You guys need a professional documentation person on your team, one that specializes in only writing documentation. I say this because the existing documentation is a confusing mess. This is going to cause all kinds of problems purely because it is weakly explained, and I see incorrect usage of words all over. Even the very beginning definitions of client, host and server are nonstandard.
Any ideas on how the concepts here will mesh with the recently released Microsoft.Extensions.AI library released by MS for .NET, that is also supposed to make it easy to work with different models in a standardized way?
Is there any way to give a MCP server access for good? Trying out the demo it asked me every single time for permission which will be annoying for longer usage.
We do want to improve this over time, just trying to find the right balance between usability and security.
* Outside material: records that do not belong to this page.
Lemma b_owner_family x : b_domain x ->
  ~ OnCosets (b_owner x) /\ Nat.even (wlen (b_owner x)) = false /\ In x (family (b_owner x)).
Proof.
  intros [hx hn]. assert (hl : 0 < wlen x).
  { destruct (wlen x) eqn:ee; [exfalso; apply hn, wlen_zero, ee | lia]. }
  unfold b_owner. destruct (Nat.even (wlen x)) eqn:ev;
    [| split; [exact hx | split; [exact ev | left; reflexivity]]].
  destruct (tree_parent_step x hx hl) as [h1 [_ [h3 _]]]. rewrite ev in h3.
  split; [exact h1 | split; [exact h3 | right; apply children_spec; auto]].
Qed.

Lemma a_in_family x : a_domain x -> In x (family (a_owner x)).
Proof. intro h. apply (a_owner_family x h). Qed.

Lemma b_in_family x : b_domain x -> In x (family (b_owner x)).
Proof. intro h. apply (b_owner_family x h). Qed.

Lemma a_family_owner x y : a_domain x -> In y (family (a_owner x)) ->
  a_domain y /\ a_owner y = a_owner x.
Proof.
  intros hx hy. destruct (a_owner_family x hx) as [hv [hev _]].
  destruct (family_member _ y hv hy) as [hyE [-> | [hp [_ hpar]]]]; split; try exact hyE.
  - unfold a_owner at 1. rewrite hev. reflexivity.
  - rewrite hev in hpar. unfold a_owner at 1. rewrite hpar. exact hp.
Qed.

Lemma b_family_owner x y : b_domain x -> In y (family (b_owner x)) ->
  b_domain y /\ b_owner y = b_owner x.
Proof.
  intros hx hy. destruct (b_owner_family x hx) as [hv [hev _]].
  destruct (family_member _ y hv hy) as [hyE [-> | [hp [hl hpar]]]].
  - split; [split; [exact hyE | intro e1; rewrite e1, wlen_one in hev; discriminate] |].
    unfold b_owner at 1. rewrite hev. reflexivity.
  - rewrite hev in hpar. split.
    + split; [exact hyE | intro e1; rewrite e1, wlen_one in hl; lia].
    + unfold b_owner at 1. rewrite hpar. exact hp.
Qed.

Definition coset_step (l : letter) (x : H) : H :=
  match coset_of x, fst l with
  | [], false => one
  | u, _ => coset_pt (coset_act l u)
  end.

Definition tree_step (l : letter) (x : H) : H :=
  match l with
  | (true, back) => spin a_owner family back x
  | (false, back) => if pdec (x = one) then coset_pt [] else spin b_owner family back x
  end.

Definition step (l : letter) (x : H) : H :=
  if pdec (OnCosets x) then coset_step l x else tree_step l x.
Lemma middle_point_outside_absurd : False.
Proof.
apply: (@no_open_cut _ (g @` [set u | u < x]) (g @` [set w | z < w])).
- by exists (g (x - 1)), (x - 1) => //=; lra.
- by exists (g (z + 1)), (z + 1) => //=; lra.
- by move=> _ _ [u ux <-] [w zw <-]; exact: left_lt_right.
- move=> _ _ v [u ux <-] [w zw <-] uv vw.
  have := outer_inside u (or_introl ux); have := outer_inside w (or_intror zw).
  have [hvx|xhv] := ltP (h v) x; first by left; exists (h v); rewrite ?hK.
  have [zhv|hvz] := ltP z (h v); first by right; exists (h v); rewrite ?hK.
  by have := inner_outside _ xhv hvz; rewrite hK; lra.
- move=> _ [u /= ux <-]; exists (g (u - 1)); first by exists (u - 1) => //=; lra.
  by apply: left_decreasing; lra.
- move=> _ [w /= zw <-]; exists (g (w + 1)); first by exists (w + 1) => //=; lra.
  by apply: right_decreasing; lra.
Qed.

End middle_point_outside.

Lemma increasing_image_between x y z : x < y -> y < z -> g x < g z ->
  g x < g y /\ g y < g z.
Proof.
move=> xy yz gxz; apply: contrapT => not_between.
have /eqP gyx : g y != g x by rewrite (can_eq gK) gt_eqF.
have /eqP gyz : g y != g z by rewrite (can_eq gK) lt_eqF.
by apply: (middle_point_outside_absurd _ _ _ xy yz gxz); lra.
Qed.

End interlacing_preserving_bijection.

Lemma interlacing_preserving_between {R : realType} {g h : R -> R} :
  cancel g h -> cancel h g -> interlacing_preserving g ->
  forall x y z, x < y -> y < z -> strictly_between (g x) (g z) (g y).
Proof.
move=> gK hK gi x y z xy yz.
have /eqP gxz : g x != g z by rewrite (can_eq gK) lt_eqF // (lt_trans xy yz).
have [lt_gxz|lt_gzx] : g x < g z \/ g z < g x by lra.
  by left; exact: (increasing_image_between gK hK gi _ _ _ xy yz).
have NgK : cancel (- g) (h \o -%R) by move=> t; rewrite /= fctE opprK gK.
have NhK : cancel (h \o -%R) (- g) by move=> t; rewrite /= fctE hK opprK.
have := increasing_image_between NgK NhK (interlacing_preservingN gi) _ _ _ xy yz.
by rewrite !fctE /strictly_between; lra.
Qed.

Lemma between_preserving_monotone {R : realType} (g : R -> R) :
  (forall x y z, x < y -> y < z -> strictly_between (g x) (g z) (g y)) ->
  {homo g : x y / x < y} \/ {homo g : x y /~ x < y}.
Proof.
move=> gb.
have lt_shiftr a b c : a < b -> b < c -> (g a < g b) = (g a < g c).
  move=> ab bc; have := gb _ _ _ ab bc; rewrite /strictly_between => btw.
  by apply/idP/idP; lra.
have lt_shiftl a b c : a < b -> b < c -> (g b < g c) = (g a < g c).
  move=> ab bc; have := gb _ _ _ ab bc; rewrite /strictly_between => btw.
  by apply/idP/idP; lra.
have lt_same x y x' y' : x < y -> x' < y' -> (g x < g y) = (g x' < g y').
  move=> xy x'y'; pose M := Num.max y y' + 1.
  have yM : y < M by rewrite /M ltr_pwDr // le_max lexx.
  have y'M : y' < M by rewrite /M ltr_pwDr // le_max lexx orbT.
  rewrite (lt_shiftr _ _ _ xy yM) (lt_shiftr _ _ _ x'y' y'M).
  have [xx'|x'x|->] := ltgtP x x'.
  - by rewrite (lt_shiftl _ _ _ xx' (lt_trans x'y' y'M)).
  - by rewrite (lt_shiftl _ _ _ x'x (lt_trans xy yM)).
  - by [].
have g_neq x y : x < y -> g x < g y \/ g y < g x.
  move=> xy; have := gb x ((x + y) / 2) y; rewrite /strictly_between; lra.
have [g01|g10] := g_neq 0 1 ltr01.
- by left => x y xy; rewrite (lt_same x y 0 1 xy ltr01).
- right => x y yx; case: (g_neq _ _ yx) => [gyx|//].
  by have := lt_same y x 0 1 yx ltr01; rewrite gyx => /esym; lra.
Qed.
(* Let $d\ge 1$, $T>0$, $\alpha\ge 0$, and let $H:\mathbb{R}\to\mathbb{C}^{d\times d}$ be a continuously differentiable map such that $H(v)$ is Hermitian for every $v\in\mathbb{R}$ (so that $\partial_v H(v)$ is Hermitian as well). Let $u:[0,T]\to\mathbb{R}$ be a continuous control, and let $|\psi_i\rangle,|\psi_f\rangle\in\mathbb{C}^d$. Let $|\psi(t)\rangle$ and $|\chi(t)\rangle$ be the solutions on $[0,T]$ of $$ i\,\partial_t|\psi(t)\rangle = H(u(t))|\psi(t)\rangle,\quad |\psi(0)\rangle=|\psi_i\rangle, \qquad i\,\partial_t|\chi(t)\rangle = H(u(t))|\chi(t)\rangle,\quad |\chi(T)\rangle=|\psi_f\rangle .$$ Define the gradient of the figure of merit $\mathcal{J}[u]=\mathrm{Re}\,\langle\psi(T)|\psi_f\rangle-\frac{\alpha}{2}\int_0^T u(t)^2\,dt$ by $$\nabla\mathcal{J}[u](t) = -\alpha u(t) + \mathrm{Im}\,\langle\chi(t)|\partial_v H(u(t))|\psi(t)\rangle,\qquad t\in[0,T].$$ Let $N\in\mathbb{N}$, $0=t_0<t_1<\dots<t_N=T$, and for $n=0,\dots,N$ define the intermediate states $$|\varphi^u_n\rangle=\frac{T-t_n}{T}|\psi(t_n)\rangle+\frac{t_n}{T}|\chi(t_n)\rangle .$$ For $0\le n\le N-1$ set $\alpha_n=\frac{t_{n+1}-t_n}{T}\alpha$ and $\beta_n=\frac{T}{t_{n+1}-t_n}$, and let $|\psi_n(t)\rangle$, $|\chi_n(t)\rangle$ be the solutions on $[t_n,t_{n+1}]$ of $$ i\,\partial_t|\psi_n(t)\rangle = H(u(t))|\psi_n(t)\rangle,\ |\psi_n(t_n)\rangle=|\varphi^u_n\rangle,\qquad i\,\partial_t|\chi_n(t)\rangle = H(u(t))|\chi_n(t)\rangle,\ |\chi_n(t_{n+1})\rangle=|\varphi^u_{n+1}\rangle ,$$ and define the gradient of the sub-functional $\mathcal{J}_n[u_n,|\varphi^u\rangle]=-\frac12\big\||\psi_n(t_{n+1})\rangle-|\varphi^u_{n+1}\rangle\big\|^2-\frac{\alpha_n}{2}\int_{t_n}^{t_{n+1}}u_n(t)^2dt$ (with $u_n=u|_{[t_n,t_{n+1}]}$) by $$\nabla\mathcal{J}_n[u|_{[t_n,t_{n+1}]},|\varphi^u\rangle](t) = -\alpha_n u(t) + \mathrm{Im}\,\langle\chi_n(t)|\partial_v H(u(t))|\psi_n(t)\rangle,\qquad t\in[t_n,t_{n+1}].$$ Then for every $n\in\{0,\dots,N-1\}$ and every $t\in[t_n,t_{n+1}]$, $$\nabla\mathcal{J}[u](t)=\beta_n\,\nabla\mathcal{J}_n[u|_{[t_n,t_{n+1}]},|\varphi^u\rangle](t).$$
   Context: Bra-ket notation: $\langle a|B|c\rangle$ denotes the Hermitian inner product of $|a\rangle$ with $B|c\rangle$ (antilinear in the first argument); $\|\cdot\|$ is the associated norm. $\partial_v H(v)$ denotes the derivative of $H$ with respect to its scalar argument $v$. All differential equations are linear ODEs in $\mathbb{C}^d$ with continuous coefficients, so their solutions exist and are unique on the stated intervals. *)

(* Complex numbers are
   modelled as pairs (real part, imaginary part); vectors of C^d as
   functions nat -> C (only indices < d matter); d x d matrices as
   nat -> nat -> C. *)
From Stdlib Require Import Reals Lra.
Open Scope R_scope.

Definition C := (R * R)%type.
Definition Cre (z : C) : R := fst z.
Definition Cim (z : C) : R := snd z.
Definition C0 : C := (0, 0).
Definition Cadd (z w : C) : C := (fst z + fst w, snd z + snd w).
Definition Cmul (z w : C) : C :=
  (fst z * fst w - snd z * snd w, fst z * snd w + snd z * fst w).
Definition Cconj (z : C) : C := (fst z, - snd z).
Definition Rscal (r : R) (z : C) : C := (r * fst z, r * snd z).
Although MCP is powerful and we hope it'll really unlock a lot of potential, there are still risks like prompt injection and misconfigured/malicious servers that could cause a lot of damage if left unchecked.
Will this be partially available from the Claude website for connections to other web services? E.g. could the GitHub server be called from https://claude.ai?
Any idea on timelines? I’d love to be able to have generation and tool use contained within a customer’s AWS account using bedrock. Ie I pass a single cdk that can interface with an exposed internet MCP service and an in-VPC service for sensitive data.